Welcome to DSTC 9: Multi-Domain Task-Completion Dialog Challenge II
As part of the Ninth Dialog System Technology Challenge (DSTC9), Microsoft Research and Tsinghua University are hosting Multi-domain Task-oriented Dialog Challenge II, aiming to solve two tasks in the multi-domain task completion setting:
- End-to-end Multi-domain Task Completion Dialog — In recent years there has been an increasing interest in building complex task completion bots that span over multiple domains. In this task, participants will develop an end-to-end dialog system that receives natural language as an input and generates natural language as an output in the travel planning setting. There is no restriction on the modeling approaches, and all resources/datasets in the community can be used for model training. The system will be evaluated in MultiWOZ 2.1 dataset setting with ConvLab-2.

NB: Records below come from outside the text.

Definition af_open (O : set Af) : Prop :=
  forall a, O a -> exists F k, finite_set F /\ af_basic_nbhd a F k `<=` O.

Definition af_closure (X : set Af) : set Af :=
  [set b | forall O, af_open O -> O b -> exists c, O c /\ X c].

Definition af_orbit (a : Af) : set Af :=
  [set b | exists r : rat, 0 < r /\
     forall p : prime_t, Qp_scale_rel r^-1 (af_comp a p) (af_comp b p)].

Definition quasi_orbit_rel (a b : Af) : Prop :=
  af_closure (af_orbit a) = af_closure (af_orbit b).

(* quasi-orbit space: equivalence classes, with the quotient topology *)
Record QOS := MkQOS {
  qos_set : set Af;
  qos_ax : exists a, qos_set = [set b | quasi_orbit_rel a b] }.

Definition qclass (a : Af) : QOS :=
  @MkQOS [set b | quasi_orbit_rel a b] (ex_intro _ a erefl).

Definition qos_open (U : set QOS) : Prop := af_open [set a | U (qclass a)].

Definition zero_set (a : Af) : set prime_t := [set p | af_comp a p = Qp0 (val p)].

Definition pc_open (V : set (set prime_t)) : Prop :=
  forall T, V T -> exists G : set prime_t, finite_set G /\ T `&` G = set0 /\
    (forall T', T' `&` G = set0 -> V T').

(* The closure of the orbit of [a] is [{c | S(a) is contained in S(c)}].
   Scaling keeps zero components zero and [c_p = 0] is a closed condition,
   which gives one inclusion.  Conversely, a basic neighbourhood of [c]
   constrains only finitely many primes; at those with [a_p <> 0] the scalar
   [q] need only be [p]-adically close to a ratio of representatives of [c_p]
   and [a_p], at those with [a_p = 0] also [c_p = 0], and at every other prime
   [q] must be [p]-integral.  Weak approximation in [Q] (Bezout at one prime,
   then induction over the finite set) provides such a positive [q].  Hence
   [a ~ b <-> S(a) = S(b)], and [S] descends to a bijection of the quasi-orbit
   space onto [2^P].  It is continuous because [a_p <> 0] is an open
   condition, and open because near [a] one may set to [0] every component
   outside the finite set of primes where the neighbourhood, or the
   non-integrality of [a_p], forbids it. *)

From mathcomp Require Import all_boot all_order all_algebra.
From mathcomp Require Import boolp classical_sets cardinality.
From mathcomp Require Import zify ring lra.
Set Implicit Arguments. Unset Strict Implicit. Unset Printing Implicit Defensive.
Import Order.TTheory GRing.Theory Num.Theory.
Local Open Scope classical_set_scope.
Local Open Scope ring_scope.
(* Let $\Gamma$ be a countably infinite discrete group and let $\boldsymbol{a}$ be a measure preserving action of $\Gamma$. The following are equivalent: (1) every non-trivial factor of $\boldsymbol{a}$ is faithful; (2) every non-trivial normal subgroup of $\Gamma$ acts ergodically (under the restriction of $\boldsymbol{a}$).
   Context: A measure preserving action $\boldsymbol{a}=\Gamma\curvearrowright^a (X,\mu)$ consists of a standard Borel space $X$, a Borel probability measure $\mu$, and a Borel $\mu$-preserving action of $\Gamma$ on $X$. An action $\boldsymbol{b}=\Gamma\curvearrowright^b (Y,\nu)$ is a factor of $\boldsymbol{a}$ if there is a measurable $\pi:X\to Y$ with $\pi_*\mu=\nu$ and, for each $\gamma\in\Gamma$, $\pi(\gamma^a x)=\gamma^b\pi(x)$ for $\mu$-a.e. $x$. An action is non-trivial if its measure is not a point mass. The kernel of $\boldsymbol{b}$ is $\{\gamma\in\Gamma : \nu(\{y : \gamma^b y = y\})=1\}$; $\boldsymbol{b}$ is faithful if its kernel is $\{e\}$. A non-trivial subgroup is one different from $\{e\}$. *)

From HB Require Import structures.
From mathcomp Require Import all_boot all_order all_algebra.
From mathcomp Require Import all_classical all_reals all_analysis.
Set Implicit Arguments. Unset Strict Implicit. Unset Printing Implicit Defensive.
Import Order.TTheory GRing.Theory Num.Theory.
Local Open Scope classical_set_scope.
Local Open Scope ring_scope.

Record is_group (G : Type) (mul : G -> G -> G) (one : G) (inv : G -> G) : Prop := {
  grp_assoc : forall x y z, mul x (mul y z) = mul (mul x y) z;
  grp_mul1g : forall x, mul one x = x;
  grp_mulg1 : forall x, mul x one = x;
  grp_mulVg : forall x, mul (inv x) x = one;
  grp_mulgV : forall x, mul x (inv x) = one }.

Definition countably_infinite (G : Type) : Prop :=
  exists f : nat -> G, bijective f.

Definition normal_subgroup (G : Type) (mul : G -> G -> G) (one : G)
  (inv : G -> G) (N : set G) : Prop :=
  N one /\ (forall x y, N x -> N y -> N (mul x y)) /\ (forall x, N x -> N (inv x))
  /\ (forall g x, N x -> N (mul (mul g x) (inv g))).

(* Standard Borel space: Borel-isomorphic to a Borel subset of the reals
   (equivalently, of a Polish space, by Kuratowski's theorem): there is an
   injective measurable map to R sending measurable sets to Borel sets. *)
Definition standard_borel (R : realType) (d : measure_display)
  (X : measurableType d) : Prop :=
  exists f : X -> R, injective f /\ measurable_fun setT f /\
    (forall A : set X, measurable A -> measurable (f @` A)).

Definition mp_action (R : realType) (G : Type) (mul : G -> G -> G) (one : G)
  (d : measure_display) (X : measurableType d) (mu : probability X R)
  (a : G -> X -> X) : Prop :=
  (forall x, a one x = x) /\
  (forall g h x, a (mul g h) x = a g (a h x)) /\
  (forall g, measurable_fun setT (a g)) /\
  (forall g (A : set X), measurable A -> mu (a g @^-1` A) = mu A).

Definition is_factor (R : realType) (G : Type)
  (d : measure_display) (X : measurableType d) (mu : probability X R)
  (a : G -> X -> X)
  (d' : measure_display) (Y : measurableType d') (nu : probability Y R)
  (b : G -> Y -> Y) : Prop :=
  exists pi : X -> Y, measurable_fun setT pi /\
    (forall B : set Y, measurable B -> nu B = mu (pi @^-1` B)) /\
    (forall g, {ae mu, forall x, pi (a g x) = b g (pi x)}).

Definition nontrivial_measure (R : realType) (d : measure_display)
  (Y : measurableType d) (nu : probability Y R) : Prop :=
  ~ exists y : Y, forall B : set Y, measurable B -> nu B = \d_y B.

Definition action_kernel (R : realType) (G : Type) (d : measure_display)
  (Y : measurableType d) (nu : probability Y R) (b : G -> Y -> Y) : set G :=
  [set g | {ae nu, forall y, b g y = y}].

Definition faithful (R : realType) (G : Type) (one : G) (d : measure_display)
  (Y : measurableType d) (nu : probability Y R) (b : G -> Y -> Y) : Prop :=
  action_kernel nu b = [set one].

Definition ergodic_on (R : realType) (G : Type) (d : measure_display)
  (X : measurableType d) (mu : probability X R) (a : G -> X -> X)
  (N : set G) : Prop :=
  forall A : set X, measurable A -> (forall g, N g -> a g @^-1` A = A) ->
    mu A = 0%E \/ mu A = 1%E.

From HB Require Import structures.
From mathcomp Require Import all_boot all_order all_algebra.
From mathcomp Require Import all_classical all_reals all_analysis.
From mathcomp Require Import measurable_realfun.
From mathcomp Require Import ring.
Set Implicit Arguments. Unset Strict Implicit. Unset Printing Implicit Defensive.
Import Order.TTheory GRing.Theory Num.Theory.
Local Open Scope classical_set_scope.
Local Open Scope ring_scope.

(* (1) -> (2): if a non-trivial normal subgroup N had an invariant set A with
   0 < mu A < 1, the map x |-> (1_A (g^-1 x))_g into the Bernoulli shift 2^G, coded into
   R by a ternary expansion, would be a non-trivial factor on which N acts trivially.
   (2) -> (1): the kernel K of a factor is normal. If K were non-trivial it would act
   ergodically, and the preimage of any measurable set of the factor is K-invariant up to
   null sets, hence null or conull; so the factor measure takes only the values 0 and 1,
   and such a measure on a standard Borel space is a point mass. *)

Section GroupTheory.
Context (G : Type) (mul : G -> G -> G) (one : G) (inv : G -> G).
Hypothesis HG : is_group mul one inv.
(* If no term descends infinitely often, a subsequence has no strict
   descents at all; a bad such subsequence would be an antichain. *)
Lemma good_of_no_infinite_descent (a : nat -> T) :
  (forall i, ~ descends_infinitely a i) -> good a.
Proof.
  intros Hno. apply NNPP. intros Hbad.
  destruct (eventually_subseq (fun i j => ~ lt T le (a j) (a i))) as [h [Hh HR]].
  { intro i. apply NNPP. intro Hev. apply (Hno i). intro N. apply NNPP. intro Hnj.
    apply Hev. exists N. intros j Hj Hlt. apply Hnj. eauto. }
  apply no_antichain. exists (fun n => a (h n)). intros i j Hij Hle.
  apply Hbad. destruct (Nat.lt_gt_cases i j) as [[Hlt | Hgt] _]; [exact Hij | |].
  - exists (h i), (h j). split; [apply strict_incr_lt |]; auto.
  - destruct (classic (a (h i) = a (h j))) as [Heq | Hne].
    + exists (h j), (h i). split; [apply strict_incr_lt; auto | rewrite Heq; auto].
    + exfalso. apply (HR j i Hgt). split; auto.
Qed.

(* Take a term [a i] minimal among those descending infinitely often; the
   terms strictly below it form a subsequence none of whose terms descends
   infinitely often, by minimality. *)
Lemma wpo_good (a : nat -> T) : good a.
Proof.
  destruct (classic (exists i, descends_infinitely a i)) as [Hex | Hno].
  2: { apply good_of_no_infinite_descent. intros i Hi. apply Hno. eauto. }
  destruct (lt_minimal (fun x => exists i, a i = x /\ descends_infinitely a i))
    as [x [[i [<- Hi]] Hmin]].
  { destruct Hex as [i Hi]. eauto. }
  destruct (infinitely_often_subseq (fun j => lt T le (a j) (a i)) Hi) as [g [Hg Hlt]].
  apply (good_subseq a g Hg), good_of_no_infinite_descent.
  intros k Hk. apply (Hmin (a (g k))); [| exact (Hlt k)].
  exists (g k). split; [reflexivity |]. intro N.
  destruct (Hk N) as [k' [Hk' Hlt']]. exists (g k').
  split; [pose proof (strict_incr_ge_id g Hg k'); lia | exact Hlt'].
Qed.

Lemma no_strictly_decreasing_down_closed_chain (Es : nat -> T -> Prop) :
  (forall n, down_closed (Es n)) -> (forall n, subset T (Es (S n)) (Es n)) ->
  ~ (forall n, exists x, Es n x /\ ~ Es (S n) x).
Proof.
  intros Hdc Hdecr Hstrict.
  destruct (choice _ Hstrict) as [a Ha].
  assert (Hmono : forall i j, i < j -> subset T (Es j) (Es (S i))).
  { intros i j Hij. induction Hij as [| j Hij IH]; intros x Hx; [exact Hx |].
    apply IH, Hdecr, Hx. }
  destruct (wpo_good a) as [i [j [Hij Hle]]].
  apply (proj2 (Ha i)). apply Hdc with (a j); [| exact Hle].
  apply (Hmono i j Hij), Ha.
Qed.

Hypothesis le_dcpo : dcpo T le.

Definition finite_lub_cover (E : T -> Prop) (L : list T) : Prop :=
  (forall l, In l L -> Lub T le E l) /\
  (forall D, subset T D E -> directed T le D ->
             exists l, In l L /\ upper_bound T le D l).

- Cross-lingual Multi-domain Dialog State Tracking — Building a dialog system that handles multiple languages becomes increasingly important with the rapid process of globalization. To advance state-of-the-art technologies in handling cross-lingual multi-domain dialogs, we offer the task of building cross-lingual dialog state trackers with a training set in resource-rich language, and dev/test set in a resource-poor language. In particular, this task consists of two sub-tasks. One uses English as the resource-rich language and Chinese as the resource-poor language on the MultiWOZ dataset, and the other one uses Chinese as the resource-rich language and English as the resource-poor language on the CrossWOZ dataset.
- Jun 15, 2020: Competition Starts
- Sep 21, 2020: Test data is released
- Oct 5, 2020: Entry submission deadline
- Oct 19,2020: Results announced
- Nov 2020: Paper submission deadline
Jinchao Li, Qi Zhu, Baolin Peng, Zheng Zhang, Shahin Shayandeh, Ryiuchi Takanobu, Swadheen Shukla, Runze Liang, Lars Liden, Minlie Huang, Jianfeng Gao
You can contact all the contest organizers at email@example.com, or Jinchao Li (firstname.lastname@example.org), Qi Zhu (email@example.com)
We provide ConvLab-2, the next generation of dialog development platform built based on ConvLab, to facilitate participants’ development efficiency. ConvLab-2 inherits the framework and models from ConvLab and incorporates 2 new features, including most recent state-of-the-art models, an analysis tool, an interactive tool, etc. ConvLab-2 serves as the following functionalities:
- Toolkit for building dialog systems with both conventional pipeline approaches and end-to-end approaches.The platform includes state-of-the-art models for NLU, dialog state tracker, policy, NLG, and end-to-end models. The interfaces between modules, knowledgebase, and backend systems are designed to support multiple datasets so that APIs calls to the knowledge base can be easily made.
- Toolkit for dialog system evaluation using both automatic evaluation and human evaluations. For automatic evaluation, it consists of end-to-end user simulators and evaluators for component-wise modules and end-to-end dialog systems. For human evaluation, the tools to interact with human judges on Amazon Mechanic Turk are provided.
- Toolkit for system diagnosis. It consists of an interactive interface that not only illustrates the output of each module but also enables users to modify the result and diagnose the end-to-end performance with new outputs. It also consists of an analysis tool that considers statistics extracted from the conversations between the user simulator and the dialog system.
Both datasets of MultiWOZ 2.1 and CrossWOZ are incorporated into ConvLab-2 in its original language. The interface to interact with these datasets are fully supported in ConvLab-2, and multiple trained models associated with the datasets will be provided.
In the development stage of the challenge, we will translate partial datasets of MultiWOZ 2.1 and CrossWOZ to Chinese and English, respectively, and release them to the participants as the development set. In the test stage, unlabelled test sets will be released to the participants in the same language as in the development stage.